- **DIRECTIONS FOR THIS TASK**: Here is a block of entries. Write out its lines exactly, from the first through the one containing "(comb : B -> B -> B) (rdd".
⟨
(* Let $\alpha,\beta$ be sets, $z\in\beta$, $\mathit{seq}:\beta\times\alpha\to\beta$ and $\mathit{comb}:\beta\times\beta\to\beta$, written $x\oplus y$. Let $\Gamma=\{\mathrm{foldl}(\mathit{seq},z,L) : L \text{ a finite list over }\alpha\}$. If calls $\mathrm{aggregate}(z,\mathit{seq},\mathit{comb},\mathit{rdd})$ have deterministic outcomes, then: (1) $z$ is an identity of $\oplus$ on $\Gamma$; (2) $\oplus$ is closed on $\Gamma$ (i.e. $x\oplus y\in\Gamma$ for $x,y\in\Gamma$); (3) $\oplus$ is commutative on $\Gamma$; (4) $\oplus$ is associative on $\Gamma$.
   Context: Lists are finite; $\mathbin{+\!\!+}$ is concatenation. $\mathrm{foldl}(f,b,[\,])=b$, $\mathrm{foldl}(f,b,[x_1,\dots,x_n])=f(\cdots f(f(b,x_1),x_2)\cdots,x_n)$. An RDD is a list of lists. A partitioning is a function $P$ sending each list $L$ over $\alpha$ to an RDD obtained by splitting $L$ into consecutive (possibly empty) pieces $p_1,\dots,p_n$ with $p_1\mathbin{+\!\!+}\cdots\mathbin{+\!\!+}p_n=L$ and then arbitrarily permuting $[p_1,\dots,p_n]$. $\mathrm{aggregate}_{\mathrm{det}}(z,\mathit{seq},\mathit{comb},[q_1,\dots,q_m])=\mathrm{foldl}(\mathit{comb},z,[\mathrm{foldl}(\mathit{seq},z,q_1),\dots,\mathrm{foldl}(\mathit{seq},z,q_m)])$. Calls $\mathrm{aggregate}(z,\mathit{seq},\mathit{comb},\mathit{rdd})$ have deterministic outcomes if $\mathrm{aggregate}_{\mathrm{det}}(z,\mathit{seq},\mathit{comb},P(L))=\mathrm{foldl}(\mathit{seq},z,L)$ for all lists $L$ over $\alpha$ and all partitionings $P$. *)

From Stdlib Require Import List Permutation.
Import ListNotations.

Definition foldl {A B : Type} (f : B -> A -> B) (b : B) (l : list A) : B :=
  fold_left f l b.

Definition RDD (A : Type) := list (list A).

Definition is_partitioning {A : Type} (P : list A -> RDD A) : Prop :=
  forall L : list A, exists ps : list (list A),
    concat ps = L /\ Permutation ps (P L).

Definition aggregate_det {A B : Type} (z : B) (sq : B -> A -> B)
  (comb : B -> B -> B) (rdd : RDD A) : B :=
  foldl comb z (map (fun q => foldl sq z q) rdd).

Definition deterministic_aggregate {A B : Type} (z : B) (sq : B -> A -> B)
  (comb : B -> B -> B) : Prop :=
  forall P : list A -> RDD A, is_partitioning P ->
    forall L : list A, aggregate_det z sq comb (P L) = foldl sq z L.

Definition Gamma {A B : Type} (z : B) (sq : B -> A -> B) (x : B) : Prop :=
  exists L : list A, x = foldl sq z L.

From Stdlib Require Import List Permutation PeanoNat.
Import ListNotations.

(* Any split of a list into consecutive pieces, rearranged by a fixed
   permutation of the pieces, is produced by some partitioning: cut every list
   at the same piece lengths.  Determinism applied to the single piece [[L]]
   makes [z] a left identity, and then applied to [[L1; L2]] and [[L2; L1]]
   gives [comb (foldl sq z L1) (foldl sq z L2) = foldl sq z (L1 ++ L2)] and
   its commuted form; the remaining laws are inherited from [++]. *)

Fixpoint split_lengths {A : Type} (ns : list nat) (L : list A) : list (list A) :=
  match ns with
  | [] => [L]
  | n :: ns' => firstn n L :: split_lengths ns' (skipn n L)
  end.

Lemma concat_split_lengths {A : Type} (ns : list nat) (L : list A) :
  concat (split_lengths ns L) = L.
Proof.
  revert L; induction ns as [|n ns IH]; intros L; simpl.
  - apply app_nil_r.
  - rewrite IH. apply firstn_skipn.
Qed.

Lemma split_lengths_concat {A : Type} (ps : list (list A)) (q : list A) :
  split_lengths (map (@length A) ps) (concat ps ++ q) = ps ++ [q].
Proof.
  induction ps as [|p ps IH]; [reflexivity|]; cbn [map concat split_lengths].
  rewrite <- app_assoc, firstn_app, skipn_app, Nat.sub_diag, firstn_all,
    skipn_all, firstn_O, skipn_O, app_nil_l, app_nil_r, IH.
  reflexivity.
Qed.

Lemma is_partitioning_split_lengths {A : Type}
    (f : list (list A) -> list (list A)) (ns : list nat) :
  (forall r, Permutation r (f r)) ->
  is_partitioning (fun L => f (split_lengths ns L)).
Proof.
  intros Hf L. exists (split_lengths ns L).
  split; [apply concat_split_lengths | apply Hf].
Qed.

Section DeterministicAggregate.

Variables (A B : Type) (z : B) (sq : B -> A -> B) (comb : B -> B -> B).
Hypothesis Hdet : deterministic_aggregate z sq comb.

Lemma aggregate_det_permuted_pieces (f : list (list A) -> list (list A))
    (ps : list (list A)) (q : list A) :
  (forall r, Permutation r (f r)) ->
  aggregate_det z sq comb (f (ps ++ [q])) = foldl sq z (concat ps ++ q).
Proof.
  intros Hf.
  rewrite <- (split_lengths_concat ps q).
  exact (Hdet _ (is_partitioning_split_lengths f (map (@length A) ps) Hf) _).
Qed.

Lemma comb_z_foldl (L : list A) : comb z (foldl sq z L) = foldl sq z L.
Proof.
  exact (aggregate_det_permuted_pieces id [] L (@Permutation_refl _)).
Qed.

Lemma comb_foldl (L1 L2 : list A) :
  comb (foldl sq z L1) (foldl sq z L2) = foldl sq z (L1 ++ L2).
Proof.
  rewrite <- comb_z_foldl at 1.
  replace (L1 ++ L2) with (concat [L1] ++ L2) by (simpl; now rewrite app_nil_r).
  exact (aggregate_det_permuted_pieces id [L1] L2 (@Permutation_refl _)).
Qed.

Lemma comb_foldl_swap (L1 L2 : list A) :
  comb (foldl sq z L2) (foldl sq z L1) = foldl sq z (L1 ++ L2).
Proof.
  rewrite <- comb_z_foldl at 1.
  replace (L1 ++ L2) with (concat [L1] ++ L2) by (simpl; now rewrite app_nil_r).
  exact (aggregate_det_permuted_pieces (@rev _) [L1] L2 (@Permutation_rev _)).
Qed.

Lemma comb_foldl_z (L : list A) : comb (foldl sq z L) z = foldl sq z L.
Proof. rewrite <- (app_nil_r L) at 2. exact (comb_foldl L []). Qed.

End DeterministicAggregate.

Theorem lemma5 (A B : Type) (z : B) (sq : B -> A -> B) (comb : B -> B -> B) :
  deterministic_aggregate z sq comb ->
  (forall x, Gamma z sq x -> comb z x = x /\ comb x z = x) /\
  (forall x y, Gamma z sq x -> Gamma z sq y -> Gamma z sq (comb x y)) /\
  (forall x y, Gamma z sq x -> Gamma z sq y -> comb x y = comb y x) /\
  (forall x y w, Gamma z sq x -> Gamma z sq y -> Gamma z sq w ->
     comb (comb x y) w = comb x (comb y w)).
Proof.
  intros Hdet; split; [|split; [|split]].
  - intros x [L ->].
    split; [apply comb_z_foldl | apply comb_foldl_z]; exact Hdet.
  - intros x y [L1 ->] [L2 ->].
    exists (L1 ++ L2). apply comb_foldl, Hdet.
  - intros x y [L1 ->] [L2 ->].
    rewrite comb_foldl, comb_foldl_swap by exact Hdet. reflexivity.
  - intros x y w [L1 ->] [L2 ->] [L3 ->].
    rewrite !comb_foldl, app_assoc by exact Hdet. reflexivity.
Qed.
(* Let $T:\mathcal{M}_d\to\mathcal{M}_d$ be a doubly stochastic, primitive quantum channel. Then the function $k\mapsto\alpha_2((T^* )^kT^k-\text{id}_d)$, $k\in\mathbb{N}$, is monotone increasing (non-decreasing).
   Context: Doubly stochastic channel: completely positive, trace preserving, $T(\mathbb{1})=T^*(\mathbb{1})=\mathbb{1}$ ($T^*$ the Hilbert–Schmidt adjoint). Primitive: $T^k(\rho)\to\mathbb{1}_d/d$ for all states. For a Liouvillian $\mathcal{L}$ on $\mathcal{M}_d$ with $\mathcal{L}(\mathbb{1})=0$: $\alpha_2(\mathcal{L})=\inf_{X>0}\mathcal{E}^2_{\mathcal{L}}(X)/\text{Ent}_2(X)$ over positive definite $X$, with $\mathcal{E}^2_{\mathcal{L}}(X)=-\frac1d\text{tr}[\mathcal{L}(X)X]$ and $\text{Ent}_2(X)=\frac1{2d}\text{tr}[X^2(\log\frac{X^2}{\text{tr}(X^2)}+\log d)]$. *)

From HB Require Import structures.
From mathcomp Require Import all_boot all_order all_algebra.
From mathcomp Require Import sesquilinear spectral.
From mathcomp Require Import complex.
From mathcomp Require Import classical_sets reals exp.
Set Implicit Arguments. Unset Strict Implicit. Unset Printing Implicit Defensive.
Import Order.TTheory GRing.Theory Num.Theory Num.Def.
Local Open Scope ring_scope.
Local Open Scope classical_set_scope.

Section QChannels.
Variable R : realType.
Local Notation C := (R[i]).

Definition adjmx m n (A : 'M[C]_(m, n)) : 'M[C]_(n, m) := (map_mx conjC A)^T.

Definition psdmx n (A : 'M[C]_n) : Prop :=
  adjmx A = A /\ forall v : 'rV[C]_n, 0 <= (v *m A *m adjmx v) 0 0.
Definition pdmx n (A : 'M[C]_n) : Prop :=
  adjmx A = A /\ forall v : 'rV[C]_n, v != 0 -> 0 < (v *m A *m adjmx v) 0 0.

(* complete positivity: id_n (x) T maps PSD block matrices to PSD block matrices,
   for every n *)
Definition completely_positive d (T : 'M[C]_d -> 'M[C]_d) : Prop :=
  forall (n : nat) (B : 'I_n -> 'I_n -> 'M[C]_d),
    psdmx (\mxblock_(i < n, j < n) B i j) ->
    psdmx (\mxblock_(i < n, j < n) T (B i j)).

Definition trace_preserving d (T : 'M[C]_d -> 'M[C]_d) : Prop :=
  forall X, \tr (T X) = \tr X.

(* Hilbert-Schmidt adjoint: tr(A^* T(B)) = tr((T^* A)^* B);
   explicitly (T^* A)_{ij} = tr(T(E_ij)^* A). *)
Definition hs_adjoint d (T : 'M[C]_d -> 'M[C]_d) : 'M[C]_d -> 'M[C]_d :=
  fun A => \matrix_(i, j) \tr (adjmx (T (delta_mx i j)) *m A).

Definition doubly_stochastic d (T : {linear 'M[C]_d -> 'M[C]_d}) : Prop :=
  [/\ completely_positive T, trace_preserving T,
      T 1%:M = 1%:M & hs_adjoint T 1%:M = 1%:M].

Definition density d (rho : 'M[C]_d) : Prop := psdmx rho /\ \tr rho = 1.

Definition mx_cvg d (u : nat -> 'M[C]_d) (L : 'M[C]_d) : Prop :=
  forall eps : C, 0 < eps -> exists N : nat, forall k, (N <= k)%N ->
    forall i j, `|u k i j - L i j| < eps.

Definition primitive d (T : 'M[C]_d -> 'M[C]_d) : Prop :=
  forall rho, density rho -> mx_cvg (fun k => iter k T rho) ((d%:R)^-1 *: 1%:M).

(* functional calculus for Hermitian matrices via the spectral decomposition
   A = P^-1 diag(sp) P (P unitary) *)
Definition mxfun n (f : R -> R) (A : 'M[C]_n) : 'M[C]_n :=
  invmx (spectralmx A) *m
  diag_mx (map_mx (fun z : C => (f (complex.Re z))%:C%C) (spectral_diag A)) *m
  spectralmx A.
Definition mxlog n (A : 'M[C]_n) := mxfun (@ln R) A.

(* Dirichlet form and 2-entropy (real valued; both are real for Hermitian X) *)
Definition dirichlet2 d (L : 'M[C]_d -> 'M[C]_d) (X : 'M[C]_d) : R :=
  - (d%:R)^-1 * complex.Re (\tr (L X *m X)).

Definition ent2 d (X : 'M[C]_d) : R :=
  let X2 := X *m X in
  (2 * d%:R)^-1 * complex.Re (\tr (X2 *m
     (mxlog ((\tr X2)^-1 *: X2) + (ln (d%:R : R))%:C%C *: 1%:M))).

(* log-Sobolev constant alpha_2: infimum over positive definite X
   (with Ent_2(X) > 0, i.e. where the quotient is defined) *)
Definition alpha2 d (L : 'M[C]_d -> 'M[C]_d) : R :=
  inf [set dirichlet2 L X / ent2 X | X in [set X : 'M[C]_d | pdmx X /\ 0 < ent2 X]].

End QChannels.

From HB Require Import structures.
From mathcomp Require Import all_boot all_order all_algebra.
From mathcomp Require Import sesquilinear spectral complex.
From mathcomp Require Import classical_sets reals exp.
Set Implicit Arguments. Unset Strict Implicit. Unset Printing Implicit Defensive.
Import Order.TTheory GRing.Theory Num.Theory Num.Def.
Local Open Scope ring_scope.
Local Open Scope classical_set_scope.

(** For a Hermitian [X], the Dirichlet form of [T^{*k} T^k - id] is
    [(|X|_2^2 - |T^k X|_2^2) / d] in the Hilbert-Schmidt norm, while [Ent_2 X]
    does not depend on [k].  A unital, completely positive map satisfies the
    Kadison-Schwarz inequality [T(Y^{*} Y) >= T(Y)^{*} T(Y)]; taking traces and
    using trace preservation shows that [T] contracts the Hilbert-Schmidt
    norm.  Hence the Rayleigh quotients defining [alpha_2] grow with [k]
    pointwise, and so does their infimum. *)

Lemma le_inf_image (R : realType) (U : Type) (S : set U) (f g : U -> R) :
  (forall x, S x -> 0 <= f x) -> (forall x, S x -> f x <= g x) ->
  inf (f @` S) <= inf (g @` S).
Proof.
move=> f_ge0 le_fg.
have [->|/set0P[x Sx]] := eqVneq S set0; first by rewrite !image_set0.
apply: lb_le_inf; first by exists (g x), x.
move=> _ [y Sy <-]; apply: le_trans (le_fg y Sy); apply: ge_inf; last by exists y.
by exists 0 => _ [z Sz <-]; exact: f_ge0.
Qed.

Lemma complex_ReB (R : realType) (x y : R[i]) :
  complex.Re (x - y) = complex.Re x - complex.Re y.
Proof. by case: x => a b; case: y. Qed.

Section Adjoint.
Variable R : realType.
Local Notation C := (R[i]).

Lemma adjmxE m n (A : 'M[C]_(m, n)) i j : adjmx A i j = (A j i)^*.
Proof. by rewrite !mxE. Qed.

Lemma adjmxK m n (A : 'M[C]_(m, n)) : adjmx (adjmx A) = A.
Proof. by apply/matrixP => i j; rewrite !mxE conjCK. Qed.

Lemma adjmxM m n p (A : 'M[C]_(m, n)) (B : 'M[C]_(n, p)) :
  adjmx (A *m B) = adjmx B *m adjmx A.
Proof. by rewrite /adjmx map_mxM trmx_mul. Qed.

Lemma adjmxZ m n a (A : 'M[C]_(m, n)) : adjmx (a *: A) = a^* *: adjmx A.
Proof. by apply/matrixP => i j; rewrite !mxE rmorphM. Qed.

Lemma adjmx_sum m n (I : finType) (F : I -> 'M[C]_(m, n)) :
  adjmx (\sum_i F i) = \sum_i adjmx (F i).
Proof.
apply/matrixP => i j; rewrite !mxE !summxE rmorph_sum.
by apply: eq_bigr => k _; rewrite !mxE.
Qed.

Lemma adjmx1 n : adjmx (1%:M : 'M[C]_n) = 1%:M.
Proof.
by apply/matrixP => i j; rewrite !mxE eq_sym; case: eqP; rewrite ?conjC1 ?conjC0.
Qed.

Lemma adjmx_mxblock p (p_ : 'I_p -> nat) (F : forall i j, 'M[C]_(p_ i, p_ j)) :
  adjmx (\mxblock_(i, j) F i j) = \mxblock_(i, j) adjmx (F j i).
Proof. by apply/matrixP => i j; rewrite !mxE. Qed.

Lemma adjmx_mxrow p (p_ : 'I_p -> nat) m (F : forall i, 'M[C]_(m, p_ i)) :
  adjmx (\mxrow_i F i) = \mxcol_i adjmx (F i).
Proof. by apply/matrixP => i j; rewrite !mxE. Qed.

Lemma psdmx_adjmx_mul m n (N : 'M[C]_(m, n)) : psdmx (adjmx N *m N).
Proof.
split; first by rewrite adjmxM adjmxK.
move=> v; have -> : v *m (adjmx N *m N) *m adjmx v =
    (v *m adjmx N) *m adjmx (v *m adjmx N) by rewrite adjmxM adjmxK !mulmxA.
by rewrite mxE; apply: sumr_ge0 => k _; rewrite adjmxE mul_conjC_ge0.
Qed.

Lemma mxtrace_ge0 n (A : 'M[C]_n) :
  (forall v : 'rV[C]_n, 0 <= (v *m A *m adjmx v) 0 0) -> 0 <= \tr A.
Proof.
move=> A_ge0; apply: sumr_ge0 => a _.
have quad_delta : ((delta_mx 0 a : 'rV[C]_n) *m A
                      *m adjmx (delta_mx 0 a : 'rV[C]_n)) 0 0 = A a a.
  rewrite -rowE mxE (bigD1 a) //= big1 ?addr0.
    by rewrite !mxE !eqxx mulr1n conjC1 mulr1.
  by move=> k /negbTE nka; rewrite !mxE nka mulr0n conjC0 mulr0.
by rewrite -quad_delta.
Qed.

End Adjoint.

Definition hsnorm2 (R : realType) d (Y : 'M[R[i]]_d) : R :=
  complex.Re (\tr (adjmx Y *m Y)).

Section HSAdjoint.
Variables (R : realType) (d : nat) (T : {linear 'M[R[i]]_d -> 'M[R[i]]_d}).

Lemma mxtrace_hs_adjoint (A Z : 'M[R[i]]_d) :
  \tr (hs_adjoint T A *m Z) = \tr (adjmx (T (adjmx Z)) *m A).
Proof.
have -> : adjmx Z = \sum_i \sum_j (Z j i)^* *: delta_mx i j.
  rewrite {1}(matrix_sum_delta (adjmx Z)); apply: eq_bigr => i _.
  by apply: eq_bigr => j _; rewrite adjmxE.
rewrite linear_sum adjmx_sum mulmx_suml raddf_sum /= {1}/mxtrace.
apply: eq_bigr => i _; rewrite linear_sum adjmx_sum mulmx_suml raddf_sum /= !mxE.
apply: eq_bigr => j _.
by rewrite linearZ adjmxZ conjCK -scalemxAl mxtraceZ !mxE mulrC.
Qed.

Lemma mxtrace_hs_adjoint_iter k (A Z : 'M[R[i]]_d) :
  \tr (iter k (hs_adjoint T) A *m Z) = \tr (adjmx (iter k T (adjmx Z)) *m A).
Proof.
elim: k A Z => [|k IHk] A Z /=; first by rewrite adjmxK mxtrace_mulC.
by rewrite mxtrace_hs_adjoint mxtrace_mulC IHk adjmxK -iterSr.
Qed.

Lemma dirichlet2_hs_iter k (X : 'M[R[i]]_d) : adjmx X = X ->
  dirichlet2 (fun X => iter k (hs_adjoint T) (iter k T X) - X) X
  = (d%:R)^-1 * (hsnorm2 X - hsnorm2 (iter k T X)).
Proof.
move=> herX; rewrite /dirichlet2 mulmxBl raddfB /= complex_ReB.
by rewrite mxtrace_hs_adjoint_iter herX /hsnorm2 herX mulNr -mulrN opprB.
Qed.

End HSAdjoint.

Section KadisonSchwarz.
Variables (R : realType) (d : nat) (T : {linear 'M[R[i]]_d -> 'M[R[i]]_d}).
Hypothesis T_cp : completely_positive T.

Let gram (Y : 'M[R[i]]_d) (i j : 'I_2) :=
  let F (k : 'I_2) := if val k == 0%N then 1%:M else Y in adjmx (F i) *m F j.

Let psd_gram Y : psdmx (\mxblock_(i < 2, j < 2) gram Y i j).
Proof. by rewrite /gram -mul_mxcol_mxrow -adjmx_mxrow; exact: psdmx_adjmx_mul. Qed.

Lemma cp_adjmx (Y : 'M[R[i]]_d) : adjmx (T Y) = T (adjmx Y).
Proof.
have [herTG _] := T_cp (psd_gram Y).
have := congr1 (fun M => @submxblock _ 2 2 (fun _ => d) (fun _ => d) M
                           (lift ord0 ord0) ord0) herTG.
by rewrite adjmx_mxblock /= !mxblockK /gram /= adjmx1 mul1mx mulmx1.
Qed.

Hypothesis T1 : T 1%:M = 1%:M.

Lemma kadison_schwarz (Y : 'M[R[i]]_d) (x : 'rV[R[i]]_d) :
  0 <= (x *m (T (adjmx Y *m Y) - adjmx (T Y) *m T Y) *m adjmx x) 0 0.
Proof.
have [_ TG_ge0] := T_cp (psd_gram Y).
pose u := - (x *m adjmx (T Y)).
pose w (i : 'I_2) := if val i == 0%N then u else x.
(* The form of [id (x) T] at [(-x T(Y)^{*}, x)] is the claimed quadratic form. *)
have := TG_ge0 (\mxrow_i w i).
rewrite mul_mxrow_mxblock adjmx_mxrow mul_mxrow_mxcol.
rewrite !big_ord_recl !big_ord0 /= /w /gram /= !addr0.
rewrite adjmx1 !mul1mx !mulmx1 T1 -cp_adjmx mulmx1 /u addNr mul0mx add0r.
by rewrite mulNmx mulmxBr mulmxBl !mulmxA mulmxDl mulNmx addrC.
Qed.

Hypothesis T_tp : trace_preserving T.

Lemma hsnorm2_contract (Y : 'M[R[i]]_d) : hsnorm2 (T Y) <= hsnorm2 Y.
Proof.
have := mxtrace_ge0 (kadison_schwarz Y).
by rewrite raddfB /= T_tp subr_ge0 lecE => /andP[_].
Qed.

Lemma hsnorm2_iter_le k l (Y : 'M[R[i]]_d) : (k <= l)%N ->
  hsnorm2 (iter l T Y) <= hsnorm2 (iter k T Y).
Proof.
move=> kl; rewrite -(subnK kl) iterD; elim: (l - k)%N => [|n IHn] //=.
exact: le_trans (hsnorm2_contract _) IHn.
Qed.

End KadisonSchwarz.

Theorem mainTheorem12 (R : realType) (d : nat) (hd : (0 < d)%N)
  (T : {linear 'M[R[i]]_d -> 'M[R[i]]_d}) :
  doubly_stochastic T -> primitive T ->
  forall k l : nat, (k <= l)%N ->
    alpha2 (fun X => iter k (hs_adjoint T) (iter k T X) - X)
    <= alpha2 (fun X => iter l (hs_adjoint T) (iter l T X) - X).
Proof.
move=> [T_cp T_tp T1 _] _ k l kl; apply: le_inf_image.
- move=> X [[herX _] ent_gt0]; rewrite dirichlet2_hs_iter //.
  rewrite divr_ge0 ?(ltW ent_gt0) // mulr_ge0 ?invr_ge0 ?ler0n // subr_ge0.
  exact: (hsnorm2_iter_le T_cp T1 T_tp X (leq0n k)).
- move=> X [[herX _] ent_gt0]; rewrite !dirichlet2_hs_iter //.
  rewrite ler_wpM2r ?invr_ge0 ?(ltW ent_gt0) // ler_wpM2l ?invr_ge0 ?ler0n //.
  by rewrite lerD2l lerN2 (hsnorm2_iter_le T_cp T1 T_tp).
Qed.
⟩
- **TASK RESULT**:
(* Let $\alpha,\beta$ be sets, $z\in\beta$, $\mathit{seq}:\beta\times\alpha\to\beta$ and $\mathit{comb}:\beta\times\beta\to\beta$, written $x\oplus y$. Let $\Gamma=\{\mathrm{foldl}(\mathit{seq},z,L) : L \text{ a finite list over }\alpha\}$. If calls $\mathrm{aggregate}(z,\mathit{seq},\mathit{comb},\mathit{rdd})$ have deterministic outcomes, then: (1) $z$ is an identity of $\oplus$ on $\Gamma$; (2) $\oplus$ is closed on $\Gamma$ (i.e. $x\oplus y\in\Gamma$ for $x,y\in\Gamma$); (3) $\oplus$ is commutative on $\Gamma$; (4) $\oplus$ is associative on $\Gamma$.
   Context: Lists are finite; $\mathbin{+\!\!+}$ is concatenation. $\mathrm{foldl}(f,b,[\,])=b$, $\mathrm{foldl}(f,b,[x_1,\dots,x_n])=f(\cdots f(f(b,x_1),x_2)\cdots,x_n)$. An RDD is a list of lists. A partitioning is a function $P$ sending each list $L$ over $\alpha$ to an RDD obtained by splitting $L$ into consecutive (possibly empty) pieces $p_1,\dots,p_n$ with $p_1\mathbin{+\!\!+}\cdots\mathbin{+\!\!+}p_n=L$ and then arbitrarily permuting $[p_1,\dots,p_n]$. $\mathrm{aggregate}_{\mathrm{det}}(z,\mathit{seq},\mathit{comb},[q_1,\dots,q_m])=\mathrm{foldl}(\mathit{comb},z,[\mathrm{foldl}(\mathit{seq},z,q_1),\dots,\mathrm{foldl}(\mathit{seq},z,q_m)])$. Calls $\mathrm{aggregate}(z,\mathit{seq},\mathit{comb},\mathit{rdd})$ have deterministic outcomes if $\mathrm{aggregate}_{\mathrm{det}}(z,\mathit{seq},\mathit{comb},P(L))=\mathrm{foldl}(\mathit{seq},z,L)$ for all lists $L$ over $\alpha$ and all partitionings $P$. *)

From Stdlib Require Import List Permutation.
Import ListNotations.

Definition foldl {A B : Type} (f : B -> A -> B) (b : B) (l : list A) : B :=
  fold_left f l b.

Definition RDD (A : Type) := list (list A).

Definition is_partitioning {A : Type} (P : list A -> RDD A) : Prop :=
  forall L : list A, exists ps : list (list A),
    concat ps = L /\ Permutation ps (P L).

Definition aggregate_det {A B : Type} (z : B) (sq : B -> A -> B)
  (comb : B -> B -> B) (rdd : RDD A) : B :=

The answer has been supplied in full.